━━━ EXTRACTED DATA ━━━
Definition bool_fun_ops (X : Type) : group_ops (X -> bool).
Proof.
refine (@GroupOps _ (fun a b z => a z (+) b z) id (fun _ => false) _ _ _) => *;
  apply: funext => t /=.
- exact: addbA.
- done.
- exact: addbb.
Defined.

Definition bool_fun_group (X : Type) : Defs.Group := MkGroup (bool_fun_ops X).

Lemma bool_fun_group_alg_class c (X : Type) : alg_class c (bool_fun_group X).
Proof.
case: c => //= [a b|a _]; apply: funext => t /=; [exact: addbC | exact: addbb].
Qed.

Section FreeObject.
Variables (c : NAclass) (X : uniformType) (G : TopGroup) (i : X -> G).
Hypothesis free : free_object (in_class c) i.
Local Notation "x * y" := (gmul (tg_ops G) x y).
Local Notation "x ^-1" := (ginv (tg_ops G) x).

(* The subgroup [S], topologised as a subspace, is again in the class, so the
   universal property yields a continuous homomorphism [G -> S] over [i]; followed
   by the inclusion it must be the identity of [G]. *)
Lemma free_object_generated (S : set G) :
  is_subgroup (tg_ops G) S -> (forall x, S (i x)) -> forall g, S g.
Proof.
move=> S_subgroup Si g; case: free => classG i_unif univ.
pose j x : sub_tg S_subgroup := exist _ (i x) (mem_set (Si x)).
have j_unif : unif_cont_tg j.
  move=> E [U /sub_nbhs_one [W [oW W1 WU]] UE].
  have: two_ent [set p | W (p.1^-1 * p.2) /\ W (p.2 * p.1^-1)].
    by exists W => //; exact: open_nbhs_nbhs.
  by move=> /i_unif; apply: filterS => -[x y] /= [? ?]; apply: UE; split; exact: WU.
have [r [r_hom r_cont ri _]] := univ _ j (sub_tg_in_class S_subgroup classG) j_unif.
have [phi [_ _ _ phi_unique]] := univ G i classG i_unif.
have -> : g = phi g := phi_unique id (fun _ _ => erefl) (fun _ => cvg_id) (fun _ => erefl) g.
have <- : sval (r g) = phi g.
  apply: (phi_unique (fun g => sval (r g))) => [a b||x]; first by rewrite r_hom.
  - by move=> h; apply: (@continuous_comp _ (sub_tg S_subgroup) G r (fun x => sval x));
      [exact: r_cont | exact: sval_continuous].
  - by rewrite ri.
exact: set_mem (svalP (r g)).
Qed.

Lemma free_object_hom_unique (H : Defs.Group) (phi psi : G -> H) :
  is_hom (tg_ops G) (g_ops H) phi -> is_hom (tg_ops G) (g_ops H) psi ->
  (forall x, phi (i x) = psi (i x)) -> forall g, phi g = psi g.
Proof. by move=> hphi hpsi; apply: free_object_generated; exact: hom_eq_subgroup. Qed.

Lemma free_object_lift_discrete (H : Defs.Group) (f : X -> H) (R : set (X * X)) :
  alg_class c H -> entourage R -> (forall x y, R (x, y) -> f x = f y) ->
  exists phi : G -> H,
    [/\ is_hom (tg_ops G) (g_ops H) phi, (forall x, phi (i x) = f x) & locally_constant phi].
Proof.
move=> classH eR fR; case: free => _ _ univ.
have f_unif : unif_cont_tg (f : X -> discrete_tg H).
  by move=> E /two_ent_refl E_refl; apply: filterS eR => -[x y] /fR /= ->.
have [phi [hom cont phi_i _]] := univ _ _ (discrete_tg_in_class classH) f_unif.
by exists phi; split => //; exact: continuous_locally_constant cont.
Qed.

(* Send [x] to the indicator of its [R]-class in the Boolean group [X -> bool];
   the kernel of the lifted homomorphism is a neighbourhood of the identity. *)
Lemma free_object_entourage (E : set (X * X)) : na_uniform X -> entourage E ->
  exists2 D, two_ent D & forall x y, D (i x, i y) -> E (x, y).
Proof.
move=> naX eE; have [R eR [[Rrefl Rsym Rtrans] RE]] := naX E eE.
pose cls x : bool_fun_group X := fun z => `[< R (x, z) >].
have cls_R x y : R (x, y) -> cls x = cls y.
  move=> Rxy; apply: funext => z; apply: asbool_equiv_eq.
  by split; [apply: Rtrans; exact: Rsym | exact: Rtrans].
have [psi [hom psi_i lc]] := free_object_lift_discrete (bool_fun_group_alg_class c X) eR cls_R.
pose K := psi @^-1` [set psi (gone (tg_ops G))].
exists [set p | K (p.1^-1 * p.2) /\ K (p.2 * p.1^-1)]; first by exists K => //; exact: lc.
move=> x y [+ _]; rewrite /K /= hom (hom_ginv hom) !psi_i (hom_gone hom).
move=> /(congr1 (fun F => F y)) /=; rewrite /cls (asboolT (Rrefl y)).
by case: (asboolP (R (x, y))) => // Rxy _; exact: RE.
Qed.

Lemma gone_notin_closure_basis : ~ closure (range i) (gone (tg_ops G)).
Proof.
pose tt_fun (x : X) : bool_fun_group X := fun _ => true.
have [psi [hom psi_i lc]] := free_object_lift_discrete (bool_fun_group_alg_class c X)
  (@entourageT X) (fun x y _ => erefl : tt_fun x = tt_fun y).
move=> /(_ _ (lc _)) [_ [[x _ <-] /=]].
by rewrite psi_i (hom_gone hom) => /(congr1 (fun F => F x)).
Qed.
End FreeObject.

Lemma hausdorff_entourage (X : uniformType) : hausdorff_space X ->
  forall x y : X, x <> y -> exists2 E, entourage E & ~ E (x, y).
Proof.
move=> hausX x y xy; apply: contrapT => noE; apply/xy/hausX => A B /nbhsP [E eE EA] By.
exists y; split; last exact: nbhs_singleton By.
apply/EA/mem_set; apply: contrapT => nExy; exact: noE (ex_intro2 _ _ E eE nExy).
Qed.

Definition separates (X : eqType) (R : set (X * X)) (s : seq X) : Prop :=
  {in s &, forall a b, R (a, b) -> a = b}.

Lemma separating_entourage (X : uniformType) : hausdorff_space X ->
  forall (a : X) (t : seq X), exists2 E, entourage E & {in t, forall b, E (a, b) -> a = b}.
Proof.
move=> hausX a; elim=> [|b t [E eE Esep]]; first by exists setT => //; exact: entourageT.
have [<-|ab] := pselect (a = b).
  by exists E => // d; rewrite inE => /predU1P [->|/Esep].
have [Eb eEb nEb] := hausdorff_entourage hausX ab.
exists (E `&` Eb); first exact: filterI.
move=> d; rewrite inE => /predU1P [->|/Esep dsep] [Ead Ebad]; last exact: dsep.
by case: nEb.
Qed.

Lemma separating_equiv_entourage (X : uniformType) : hausdorff_space X -> na_uniform X ->
  forall s : seq X, exists R, [/\ entourage R, equiv_rel_set R & separates R s].
Proof.
move=> hausX naX; elim=> [|a t [Rt [eRt _ Rt_sep]]].
  by have [R eR [R_equiv _]] := naX _ entourageT; exists R.
have [Ea eEa Ea_sep] := separating_entourage hausX a t.
have [R eR [[Rrefl Rsym Rtrans] RE]] := naX _ (filterI eRt eEa).
exists R; split => // x y; rewrite !inE => /predU1P [->|xt] /predU1P [->|yt] Rxy //.
- exact: Ea_sep (RE _ Rxy).2.
- by apply/esym/Ea_sep => //; exact: (RE _ (Rsym _ _ Rxy)).2.
- exact: Rt_sep (RE _ Rxy).1.
Qed.

Definition class_rep (X : Type) (R : set (X * X)) (s : seq X) (x : X) : option X :=
  ohead [seq y <- s | `[< R (x, y) >]].

Lemma class_rep_equiv (X : Type) (R : set (X * X)) s x x' :
  equiv_rel_set R -> R (x, x') -> class_rep R s x = class_rep R s x'.
Proof.
move=> [_ Rsym Rtrans] Rxx'; congr ohead; apply: eq_filter => y.
by apply: asbool_equiv_eq; split; [apply: Rtrans; exact: Rsym | exact: Rtrans].
Qed.

Lemma class_rep_separated (X : eqType) (R : set (X * X)) s x :
  equiv_rel_set R -> separates R s -> x \in s -> class_rep R s x = Some x.
Proof.
move=> [Rrefl _ _] Rsep xs; rewrite /class_rep.
have: x \in [seq y <- s | `[< R (x, y) >]] by rewrite mem_filter xs andbT; exact/asboolP.
case e: [seq y <- s | _] => [//|y t] _ /=.
have: y \in [seq y <- s | `[< R (x, y) >]] by rewrite e mem_head.
by rewrite mem_filter => /andP [/asboolP Rxy ys]; rewrite (Rsep _ _ xs ys Rxy).
Qed.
━━━
- [TASK]:
Where does the word "classG" appear in the material above? Copy every line that holds it.

- [ANSWER SPACE]:
move=> S_subgroup Si g; case: free => classG i_unif univ.
have [r [r_hom r_cont ri _]] := univ _ j (sub_tg_in_class S_subgroup classG) j_unif.
have [phi [_ _ _ phi_unique]] := univ G i classG i_unif.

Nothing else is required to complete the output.